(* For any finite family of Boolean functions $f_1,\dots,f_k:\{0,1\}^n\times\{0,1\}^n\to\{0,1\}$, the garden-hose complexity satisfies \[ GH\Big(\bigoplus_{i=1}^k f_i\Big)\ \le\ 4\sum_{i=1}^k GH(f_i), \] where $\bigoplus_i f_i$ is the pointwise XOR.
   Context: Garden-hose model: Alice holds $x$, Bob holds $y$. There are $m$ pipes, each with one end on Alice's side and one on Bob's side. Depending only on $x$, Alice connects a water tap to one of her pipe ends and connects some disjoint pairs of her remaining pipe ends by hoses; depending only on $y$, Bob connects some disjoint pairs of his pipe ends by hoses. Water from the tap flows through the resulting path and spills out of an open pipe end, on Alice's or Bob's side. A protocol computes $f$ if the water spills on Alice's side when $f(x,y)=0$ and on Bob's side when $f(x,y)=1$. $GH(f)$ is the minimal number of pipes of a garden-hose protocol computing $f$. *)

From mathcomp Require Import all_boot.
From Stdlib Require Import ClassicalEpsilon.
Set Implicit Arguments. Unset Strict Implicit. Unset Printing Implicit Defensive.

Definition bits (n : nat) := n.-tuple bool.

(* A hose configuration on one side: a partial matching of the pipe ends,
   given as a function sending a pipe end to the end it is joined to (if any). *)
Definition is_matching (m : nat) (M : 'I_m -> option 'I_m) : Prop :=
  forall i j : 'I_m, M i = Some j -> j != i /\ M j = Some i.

▶ [Directions for this task]
Which of the lines in the listing above include "garden"? Report each of them.

▶ [Result]
(* For any finite family of Boolean functions $f_1,\dots,f_k:\{0,1\}^n\times\{0,1\}^n\to\{0,1\}$, the garden-hose complexity satisfies \[ GH\Big(\bigoplus_{i=1}^k f_i\Big)\ \le\ 4\sum_{i=1}^k GH(f_i), \] where $\bigoplus_i f_i$ is the pointwise XOR.
   Context: Garden-hose model: Alice holds $x$, Bob holds $y$. There are $m$ pipes, each with one end on Alice's side and one on Bob's side. Depending only on $x$, Alice connects a water tap to one of her pipe ends and connects some disjoint pairs of her remaining pipe ends by hoses; depending only on $y$, Bob connects some disjoint pairs of his pipe ends by hoses. Water from the tap flows through the resulting path and spills out of an open pipe end, on Alice's or Bob's side. A protocol computes $f$ if the water spills on Alice's side when $f(x,y)=0$ and on Bob's side when $f(x,y)=1$. $GH(f)$ is the minimal number of pipes of a garden-hose protocol computing $f$. *)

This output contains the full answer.